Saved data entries

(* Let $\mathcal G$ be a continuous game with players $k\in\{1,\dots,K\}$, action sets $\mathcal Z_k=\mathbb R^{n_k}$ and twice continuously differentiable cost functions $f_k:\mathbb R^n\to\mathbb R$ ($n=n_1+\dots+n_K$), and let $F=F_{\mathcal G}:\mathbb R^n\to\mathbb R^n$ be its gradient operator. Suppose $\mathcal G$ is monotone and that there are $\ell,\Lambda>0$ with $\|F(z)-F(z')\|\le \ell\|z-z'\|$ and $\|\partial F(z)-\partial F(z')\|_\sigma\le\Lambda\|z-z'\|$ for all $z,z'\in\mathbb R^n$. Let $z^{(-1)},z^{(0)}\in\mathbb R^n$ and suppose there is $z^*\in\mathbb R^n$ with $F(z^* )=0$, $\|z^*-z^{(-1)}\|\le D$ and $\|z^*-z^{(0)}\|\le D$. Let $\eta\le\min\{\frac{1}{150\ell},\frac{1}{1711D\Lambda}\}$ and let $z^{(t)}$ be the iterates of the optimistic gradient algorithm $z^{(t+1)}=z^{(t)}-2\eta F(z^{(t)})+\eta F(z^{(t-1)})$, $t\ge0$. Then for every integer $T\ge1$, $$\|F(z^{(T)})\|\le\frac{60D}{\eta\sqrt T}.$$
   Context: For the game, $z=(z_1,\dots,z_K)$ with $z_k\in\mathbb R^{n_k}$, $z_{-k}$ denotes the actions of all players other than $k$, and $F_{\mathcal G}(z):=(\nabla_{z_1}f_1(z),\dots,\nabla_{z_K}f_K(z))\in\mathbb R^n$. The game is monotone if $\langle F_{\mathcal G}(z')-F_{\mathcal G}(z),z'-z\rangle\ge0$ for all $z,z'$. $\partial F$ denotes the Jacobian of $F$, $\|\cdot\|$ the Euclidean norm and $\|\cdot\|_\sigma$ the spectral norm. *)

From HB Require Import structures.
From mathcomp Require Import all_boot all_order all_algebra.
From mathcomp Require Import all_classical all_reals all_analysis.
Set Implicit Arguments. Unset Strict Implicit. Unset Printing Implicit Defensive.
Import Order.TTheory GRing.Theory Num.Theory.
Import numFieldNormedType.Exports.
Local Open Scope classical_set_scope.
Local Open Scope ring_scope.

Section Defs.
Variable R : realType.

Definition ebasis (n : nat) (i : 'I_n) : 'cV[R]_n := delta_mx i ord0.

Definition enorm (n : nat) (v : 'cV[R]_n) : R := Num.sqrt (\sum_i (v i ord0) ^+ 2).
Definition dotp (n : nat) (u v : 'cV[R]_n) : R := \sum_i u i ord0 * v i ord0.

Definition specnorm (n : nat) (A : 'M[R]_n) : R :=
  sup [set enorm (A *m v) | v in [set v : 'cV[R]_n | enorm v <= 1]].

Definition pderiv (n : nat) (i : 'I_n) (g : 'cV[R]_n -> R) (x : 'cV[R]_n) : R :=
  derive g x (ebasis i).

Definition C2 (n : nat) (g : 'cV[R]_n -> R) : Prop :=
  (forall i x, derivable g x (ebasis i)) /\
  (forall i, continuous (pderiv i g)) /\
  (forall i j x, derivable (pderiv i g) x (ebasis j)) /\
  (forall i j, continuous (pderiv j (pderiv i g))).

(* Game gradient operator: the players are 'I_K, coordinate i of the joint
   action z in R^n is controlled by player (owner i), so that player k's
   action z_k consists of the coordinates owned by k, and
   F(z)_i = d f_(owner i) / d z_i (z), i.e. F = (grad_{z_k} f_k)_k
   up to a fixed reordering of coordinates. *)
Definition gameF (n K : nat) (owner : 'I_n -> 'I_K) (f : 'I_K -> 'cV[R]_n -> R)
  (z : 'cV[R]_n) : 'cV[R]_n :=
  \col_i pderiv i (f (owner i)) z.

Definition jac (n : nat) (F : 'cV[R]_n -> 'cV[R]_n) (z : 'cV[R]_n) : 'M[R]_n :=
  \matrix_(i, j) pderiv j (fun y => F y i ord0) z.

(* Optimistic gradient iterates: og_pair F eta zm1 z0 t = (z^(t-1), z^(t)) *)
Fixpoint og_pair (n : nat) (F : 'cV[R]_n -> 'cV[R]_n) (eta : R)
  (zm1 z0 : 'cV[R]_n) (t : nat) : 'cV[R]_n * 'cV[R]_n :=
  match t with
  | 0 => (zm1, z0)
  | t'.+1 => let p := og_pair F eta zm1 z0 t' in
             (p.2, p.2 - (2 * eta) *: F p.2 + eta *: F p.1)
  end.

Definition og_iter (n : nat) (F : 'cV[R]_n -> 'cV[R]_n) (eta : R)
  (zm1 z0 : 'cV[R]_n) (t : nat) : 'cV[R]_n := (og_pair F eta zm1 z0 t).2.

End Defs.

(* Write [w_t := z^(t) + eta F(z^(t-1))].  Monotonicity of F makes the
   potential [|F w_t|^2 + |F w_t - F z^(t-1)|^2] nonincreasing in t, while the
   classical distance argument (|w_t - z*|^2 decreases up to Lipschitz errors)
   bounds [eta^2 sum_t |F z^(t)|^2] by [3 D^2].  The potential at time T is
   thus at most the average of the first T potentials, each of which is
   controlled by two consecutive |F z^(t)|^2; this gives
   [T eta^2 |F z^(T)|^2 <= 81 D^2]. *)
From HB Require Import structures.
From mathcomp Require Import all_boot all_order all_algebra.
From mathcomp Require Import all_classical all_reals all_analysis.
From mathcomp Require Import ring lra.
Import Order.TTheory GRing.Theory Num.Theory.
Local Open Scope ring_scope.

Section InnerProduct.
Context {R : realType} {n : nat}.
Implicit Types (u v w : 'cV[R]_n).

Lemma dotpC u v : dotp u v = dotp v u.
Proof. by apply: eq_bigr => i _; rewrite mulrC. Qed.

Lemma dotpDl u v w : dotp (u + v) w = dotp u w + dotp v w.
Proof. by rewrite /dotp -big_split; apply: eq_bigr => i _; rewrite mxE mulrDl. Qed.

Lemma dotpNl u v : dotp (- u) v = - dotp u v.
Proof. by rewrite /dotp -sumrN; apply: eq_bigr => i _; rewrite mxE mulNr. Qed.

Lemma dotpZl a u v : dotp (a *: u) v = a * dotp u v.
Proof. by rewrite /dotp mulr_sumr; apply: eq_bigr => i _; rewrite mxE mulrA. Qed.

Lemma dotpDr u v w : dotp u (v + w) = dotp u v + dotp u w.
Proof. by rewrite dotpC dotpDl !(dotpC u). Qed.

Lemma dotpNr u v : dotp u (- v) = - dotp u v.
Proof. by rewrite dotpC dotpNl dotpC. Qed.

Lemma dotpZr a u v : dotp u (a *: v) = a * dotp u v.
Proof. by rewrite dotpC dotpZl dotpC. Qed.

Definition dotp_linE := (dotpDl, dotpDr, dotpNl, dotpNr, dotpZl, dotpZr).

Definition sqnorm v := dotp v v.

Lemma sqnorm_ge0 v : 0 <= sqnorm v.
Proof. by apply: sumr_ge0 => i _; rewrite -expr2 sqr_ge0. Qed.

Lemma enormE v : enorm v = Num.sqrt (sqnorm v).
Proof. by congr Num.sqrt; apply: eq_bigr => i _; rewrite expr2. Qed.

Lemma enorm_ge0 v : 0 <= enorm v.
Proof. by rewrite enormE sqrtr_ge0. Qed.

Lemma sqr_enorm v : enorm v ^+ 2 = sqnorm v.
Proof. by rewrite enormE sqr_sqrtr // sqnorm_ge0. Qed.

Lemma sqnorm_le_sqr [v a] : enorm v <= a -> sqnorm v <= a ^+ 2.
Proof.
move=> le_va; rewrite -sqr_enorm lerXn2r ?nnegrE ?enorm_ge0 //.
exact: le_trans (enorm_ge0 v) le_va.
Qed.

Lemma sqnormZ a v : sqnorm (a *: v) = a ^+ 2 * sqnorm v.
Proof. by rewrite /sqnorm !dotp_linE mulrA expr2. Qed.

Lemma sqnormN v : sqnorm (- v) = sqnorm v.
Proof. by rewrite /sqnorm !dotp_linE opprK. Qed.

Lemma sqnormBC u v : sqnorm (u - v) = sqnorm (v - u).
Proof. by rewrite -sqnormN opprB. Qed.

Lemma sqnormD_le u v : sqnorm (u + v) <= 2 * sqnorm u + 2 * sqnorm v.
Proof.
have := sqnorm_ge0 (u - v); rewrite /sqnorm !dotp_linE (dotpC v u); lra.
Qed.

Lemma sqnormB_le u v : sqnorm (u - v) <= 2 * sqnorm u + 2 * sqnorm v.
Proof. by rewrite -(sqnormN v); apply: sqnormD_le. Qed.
* * *
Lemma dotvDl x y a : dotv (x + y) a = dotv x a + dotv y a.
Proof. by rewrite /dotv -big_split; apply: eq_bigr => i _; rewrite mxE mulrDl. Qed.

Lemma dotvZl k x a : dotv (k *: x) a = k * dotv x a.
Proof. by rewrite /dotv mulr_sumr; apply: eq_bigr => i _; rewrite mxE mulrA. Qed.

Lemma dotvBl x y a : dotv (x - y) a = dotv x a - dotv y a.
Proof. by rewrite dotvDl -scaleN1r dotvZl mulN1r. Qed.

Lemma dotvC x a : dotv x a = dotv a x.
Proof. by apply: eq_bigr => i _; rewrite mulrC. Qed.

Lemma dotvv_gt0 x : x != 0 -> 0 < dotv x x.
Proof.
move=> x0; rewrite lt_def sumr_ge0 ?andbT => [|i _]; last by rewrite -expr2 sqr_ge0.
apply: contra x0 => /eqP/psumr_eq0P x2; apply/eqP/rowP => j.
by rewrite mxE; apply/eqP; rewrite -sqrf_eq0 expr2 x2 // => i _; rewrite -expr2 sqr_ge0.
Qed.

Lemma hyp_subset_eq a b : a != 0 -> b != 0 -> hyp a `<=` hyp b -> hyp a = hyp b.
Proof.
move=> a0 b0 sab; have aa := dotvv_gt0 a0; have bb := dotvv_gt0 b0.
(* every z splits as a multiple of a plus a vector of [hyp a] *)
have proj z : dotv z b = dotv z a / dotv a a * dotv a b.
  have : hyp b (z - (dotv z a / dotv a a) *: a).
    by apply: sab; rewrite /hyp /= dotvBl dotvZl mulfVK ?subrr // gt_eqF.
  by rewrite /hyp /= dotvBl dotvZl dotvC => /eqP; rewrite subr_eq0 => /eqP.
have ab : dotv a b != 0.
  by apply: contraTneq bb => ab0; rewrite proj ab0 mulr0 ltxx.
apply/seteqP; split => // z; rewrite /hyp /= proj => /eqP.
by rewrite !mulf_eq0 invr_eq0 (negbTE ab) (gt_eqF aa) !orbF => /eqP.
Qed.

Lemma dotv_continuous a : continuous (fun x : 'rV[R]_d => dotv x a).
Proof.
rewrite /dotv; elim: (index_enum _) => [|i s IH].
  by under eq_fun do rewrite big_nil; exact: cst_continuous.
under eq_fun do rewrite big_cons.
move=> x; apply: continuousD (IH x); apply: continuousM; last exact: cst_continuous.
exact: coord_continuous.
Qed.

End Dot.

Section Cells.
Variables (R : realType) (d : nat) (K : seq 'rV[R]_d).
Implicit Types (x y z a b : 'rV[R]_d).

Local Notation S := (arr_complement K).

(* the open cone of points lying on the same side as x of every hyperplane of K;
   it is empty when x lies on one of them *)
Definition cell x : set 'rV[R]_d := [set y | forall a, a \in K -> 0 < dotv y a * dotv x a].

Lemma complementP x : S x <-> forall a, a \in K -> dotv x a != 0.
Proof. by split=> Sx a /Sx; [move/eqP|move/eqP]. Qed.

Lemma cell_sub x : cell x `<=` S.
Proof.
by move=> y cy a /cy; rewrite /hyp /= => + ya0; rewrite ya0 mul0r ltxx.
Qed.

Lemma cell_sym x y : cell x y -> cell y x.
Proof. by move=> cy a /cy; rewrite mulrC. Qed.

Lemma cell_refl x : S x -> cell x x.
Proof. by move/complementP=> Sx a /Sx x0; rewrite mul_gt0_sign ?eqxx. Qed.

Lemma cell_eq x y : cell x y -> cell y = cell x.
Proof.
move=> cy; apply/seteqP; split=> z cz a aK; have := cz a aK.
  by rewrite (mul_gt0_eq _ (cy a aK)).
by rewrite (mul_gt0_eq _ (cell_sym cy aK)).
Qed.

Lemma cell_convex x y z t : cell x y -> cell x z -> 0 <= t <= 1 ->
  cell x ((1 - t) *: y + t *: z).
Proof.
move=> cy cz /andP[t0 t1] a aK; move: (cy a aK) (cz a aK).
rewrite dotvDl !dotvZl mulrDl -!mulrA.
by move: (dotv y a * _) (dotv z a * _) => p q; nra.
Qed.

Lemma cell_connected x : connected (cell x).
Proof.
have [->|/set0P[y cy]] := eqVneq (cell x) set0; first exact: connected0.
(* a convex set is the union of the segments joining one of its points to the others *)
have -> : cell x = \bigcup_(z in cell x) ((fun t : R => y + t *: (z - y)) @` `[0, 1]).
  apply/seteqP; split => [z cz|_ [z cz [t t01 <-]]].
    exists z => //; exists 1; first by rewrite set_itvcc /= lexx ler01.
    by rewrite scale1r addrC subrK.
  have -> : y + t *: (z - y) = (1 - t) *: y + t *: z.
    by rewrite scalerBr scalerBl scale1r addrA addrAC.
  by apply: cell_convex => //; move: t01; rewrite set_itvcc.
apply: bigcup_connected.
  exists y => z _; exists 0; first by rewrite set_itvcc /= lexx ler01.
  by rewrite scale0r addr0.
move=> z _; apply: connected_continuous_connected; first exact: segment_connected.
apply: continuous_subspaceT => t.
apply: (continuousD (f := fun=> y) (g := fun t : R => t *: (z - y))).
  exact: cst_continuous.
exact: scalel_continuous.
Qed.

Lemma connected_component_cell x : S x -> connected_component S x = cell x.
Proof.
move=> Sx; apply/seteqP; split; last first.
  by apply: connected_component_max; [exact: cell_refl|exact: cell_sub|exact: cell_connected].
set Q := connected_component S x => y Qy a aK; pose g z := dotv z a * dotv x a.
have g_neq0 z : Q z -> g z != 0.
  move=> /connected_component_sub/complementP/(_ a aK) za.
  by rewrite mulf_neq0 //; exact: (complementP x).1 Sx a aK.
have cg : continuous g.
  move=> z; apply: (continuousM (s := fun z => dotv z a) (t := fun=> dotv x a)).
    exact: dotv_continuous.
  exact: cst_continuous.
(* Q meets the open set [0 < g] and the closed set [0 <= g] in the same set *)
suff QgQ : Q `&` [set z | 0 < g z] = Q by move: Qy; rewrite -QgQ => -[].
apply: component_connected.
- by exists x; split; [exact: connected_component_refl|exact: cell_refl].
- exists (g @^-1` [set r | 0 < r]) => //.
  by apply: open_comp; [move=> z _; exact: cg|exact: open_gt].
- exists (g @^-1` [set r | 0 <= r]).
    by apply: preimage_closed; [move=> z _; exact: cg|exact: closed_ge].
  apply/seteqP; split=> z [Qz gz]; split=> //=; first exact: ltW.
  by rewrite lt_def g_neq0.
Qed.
---
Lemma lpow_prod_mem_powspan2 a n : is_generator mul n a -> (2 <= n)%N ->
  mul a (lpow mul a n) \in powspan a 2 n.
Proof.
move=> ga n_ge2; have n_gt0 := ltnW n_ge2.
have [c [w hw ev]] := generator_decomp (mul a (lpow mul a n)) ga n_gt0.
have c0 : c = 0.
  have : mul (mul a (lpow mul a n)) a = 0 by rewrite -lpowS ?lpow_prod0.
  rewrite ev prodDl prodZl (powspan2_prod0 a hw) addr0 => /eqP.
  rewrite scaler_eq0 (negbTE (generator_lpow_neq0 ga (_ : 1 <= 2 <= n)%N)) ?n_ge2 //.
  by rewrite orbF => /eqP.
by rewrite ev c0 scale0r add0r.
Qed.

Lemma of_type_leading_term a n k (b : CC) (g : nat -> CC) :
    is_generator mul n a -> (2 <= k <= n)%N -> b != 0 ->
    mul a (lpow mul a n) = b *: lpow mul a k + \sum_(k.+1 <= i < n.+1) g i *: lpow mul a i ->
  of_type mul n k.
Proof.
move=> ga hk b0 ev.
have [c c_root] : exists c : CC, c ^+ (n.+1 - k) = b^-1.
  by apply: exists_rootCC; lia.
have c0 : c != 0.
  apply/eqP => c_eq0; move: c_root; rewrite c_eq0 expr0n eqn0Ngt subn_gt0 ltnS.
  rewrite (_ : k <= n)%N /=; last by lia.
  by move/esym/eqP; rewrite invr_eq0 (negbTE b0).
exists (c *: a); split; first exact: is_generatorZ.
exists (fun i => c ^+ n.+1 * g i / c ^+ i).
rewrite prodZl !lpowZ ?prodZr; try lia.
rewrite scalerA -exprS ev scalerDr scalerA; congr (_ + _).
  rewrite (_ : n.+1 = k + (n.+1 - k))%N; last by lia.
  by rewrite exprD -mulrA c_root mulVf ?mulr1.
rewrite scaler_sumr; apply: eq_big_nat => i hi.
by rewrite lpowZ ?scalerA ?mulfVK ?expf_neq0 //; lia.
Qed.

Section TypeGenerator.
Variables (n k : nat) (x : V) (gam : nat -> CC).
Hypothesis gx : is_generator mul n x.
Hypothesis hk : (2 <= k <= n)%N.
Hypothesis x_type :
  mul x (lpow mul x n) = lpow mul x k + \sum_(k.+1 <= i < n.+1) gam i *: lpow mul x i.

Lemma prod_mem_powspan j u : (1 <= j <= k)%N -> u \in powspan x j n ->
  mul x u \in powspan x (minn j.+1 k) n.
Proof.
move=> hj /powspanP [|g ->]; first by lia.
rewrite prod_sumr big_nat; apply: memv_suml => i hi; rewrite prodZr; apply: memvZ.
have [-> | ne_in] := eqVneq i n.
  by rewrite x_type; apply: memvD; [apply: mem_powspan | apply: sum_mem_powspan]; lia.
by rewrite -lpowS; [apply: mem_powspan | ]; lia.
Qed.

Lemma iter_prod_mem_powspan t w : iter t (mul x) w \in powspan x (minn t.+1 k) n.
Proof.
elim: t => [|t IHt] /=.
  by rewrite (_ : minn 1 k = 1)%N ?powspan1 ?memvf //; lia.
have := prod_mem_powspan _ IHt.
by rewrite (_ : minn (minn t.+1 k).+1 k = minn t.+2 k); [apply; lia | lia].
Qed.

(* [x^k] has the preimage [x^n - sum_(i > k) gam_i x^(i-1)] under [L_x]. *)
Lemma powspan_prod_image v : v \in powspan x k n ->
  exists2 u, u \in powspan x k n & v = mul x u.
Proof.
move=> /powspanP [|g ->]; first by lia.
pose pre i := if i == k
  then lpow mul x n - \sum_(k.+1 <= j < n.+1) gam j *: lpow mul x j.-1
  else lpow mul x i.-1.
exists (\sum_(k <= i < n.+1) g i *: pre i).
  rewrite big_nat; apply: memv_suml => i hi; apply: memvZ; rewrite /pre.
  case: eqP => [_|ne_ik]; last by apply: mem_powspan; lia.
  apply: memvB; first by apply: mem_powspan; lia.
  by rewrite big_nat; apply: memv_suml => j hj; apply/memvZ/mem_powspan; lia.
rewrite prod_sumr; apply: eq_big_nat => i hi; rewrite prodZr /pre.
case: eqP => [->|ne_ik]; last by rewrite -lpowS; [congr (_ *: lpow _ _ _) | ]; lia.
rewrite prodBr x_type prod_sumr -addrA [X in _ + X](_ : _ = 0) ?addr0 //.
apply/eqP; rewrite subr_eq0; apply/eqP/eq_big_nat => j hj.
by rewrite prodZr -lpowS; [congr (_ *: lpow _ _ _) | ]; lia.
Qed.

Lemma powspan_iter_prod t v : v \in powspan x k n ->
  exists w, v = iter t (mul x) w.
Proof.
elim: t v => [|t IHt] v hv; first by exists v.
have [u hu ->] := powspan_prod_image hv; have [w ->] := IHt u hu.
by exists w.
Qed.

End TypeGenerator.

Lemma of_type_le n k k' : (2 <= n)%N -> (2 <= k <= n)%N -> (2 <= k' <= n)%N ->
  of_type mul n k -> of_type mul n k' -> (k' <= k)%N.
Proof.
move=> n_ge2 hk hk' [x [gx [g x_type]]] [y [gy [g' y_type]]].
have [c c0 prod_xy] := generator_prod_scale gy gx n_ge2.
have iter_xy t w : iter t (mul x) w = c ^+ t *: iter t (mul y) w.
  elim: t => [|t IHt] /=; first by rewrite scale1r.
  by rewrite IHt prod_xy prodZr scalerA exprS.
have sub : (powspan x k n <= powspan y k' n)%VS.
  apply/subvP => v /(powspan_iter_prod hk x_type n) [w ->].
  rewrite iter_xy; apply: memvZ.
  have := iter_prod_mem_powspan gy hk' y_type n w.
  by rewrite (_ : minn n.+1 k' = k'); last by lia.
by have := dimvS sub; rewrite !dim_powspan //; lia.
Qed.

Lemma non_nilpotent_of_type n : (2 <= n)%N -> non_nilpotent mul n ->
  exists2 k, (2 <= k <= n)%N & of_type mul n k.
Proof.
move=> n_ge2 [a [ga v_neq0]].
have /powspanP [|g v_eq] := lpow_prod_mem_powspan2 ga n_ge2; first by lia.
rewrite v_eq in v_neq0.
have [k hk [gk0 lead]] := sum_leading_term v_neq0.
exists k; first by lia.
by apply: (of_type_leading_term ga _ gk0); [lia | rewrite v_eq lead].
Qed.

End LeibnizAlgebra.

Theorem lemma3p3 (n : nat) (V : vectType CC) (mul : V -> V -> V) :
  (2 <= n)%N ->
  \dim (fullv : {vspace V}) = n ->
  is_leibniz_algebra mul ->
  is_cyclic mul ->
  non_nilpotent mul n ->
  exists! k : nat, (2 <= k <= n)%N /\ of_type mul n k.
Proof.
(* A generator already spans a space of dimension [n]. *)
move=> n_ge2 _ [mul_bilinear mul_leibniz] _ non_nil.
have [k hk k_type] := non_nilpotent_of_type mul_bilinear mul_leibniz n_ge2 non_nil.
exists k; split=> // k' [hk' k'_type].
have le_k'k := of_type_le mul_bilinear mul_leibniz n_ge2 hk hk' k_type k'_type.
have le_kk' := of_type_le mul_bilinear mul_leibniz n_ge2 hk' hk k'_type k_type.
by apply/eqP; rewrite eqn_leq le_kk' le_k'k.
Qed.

What you need to do
Out of the data above, transcribe exactly and only the lines starting with the line that has "else lpow mul x i.-1." and going on through the line that has "have sub : (powspan", both included.

Exercise solution
  else lpow mul x i.-1.
exists (\sum_(k <= i < n.+1) g i *: pre i).
  rewrite big_nat; apply: memv_suml => i hi; apply: memvZ; rewrite /pre.
  case: eqP => [_|ne_ik]; last by apply: mem_powspan; lia.
  apply: memvB; first by apply: mem_powspan; lia.
  by rewrite big_nat; apply: memv_suml => j hj; apply/memvZ/mem_powspan; lia.
rewrite prod_sumr; apply: eq_big_nat => i hi; rewrite prodZr /pre.
case: eqP => [->|ne_ik]; last by rewrite -lpowS; [congr (_ *: lpow _ _ _) | ]; lia.
rewrite prodBr x_type prod_sumr -addrA [X in _ + X](_ : _ = 0) ?addr0 //.
apply/eqP; rewrite subr_eq0; apply/eqP/eq_big_nat => j hj.
by rewrite prodZr -lpowS; [congr (_ *: lpow _ _ _) | ]; lia.
Qed.

Lemma powspan_iter_prod t v : v \in powspan x k n ->
  exists w, v = iter t (mul x) w.
Proof.
elim: t v => [|t IHt] v hv; first by exists v.
have [u hu ->] := powspan_prod_image hv; have [w ->] := IHt u hu.
by exists w.
Qed.

End TypeGenerator.

Lemma of_type_le n k k' : (2 <= n)%N -> (2 <= k <= n)%N -> (2 <= k' <= n)%N ->
  of_type mul n k -> of_type mul n k' -> (k' <= k)%N.
Proof.
move=> n_ge2 hk hk' [x [gx [g x_type]]] [y [gy [g' y_type]]].
have [c c0 prod_xy] := generator_prod_scale gy gx n_ge2.
have iter_xy t w : iter t (mul x) w = c ^+ t *: iter t (mul y) w.
  elim: t => [|t IHt] /=; first by rewrite scale1r.
  by rewrite IHt prod_xy prodZr scalerA exprS.
have sub : (powspan x k n <= powspan y k' n)%VS.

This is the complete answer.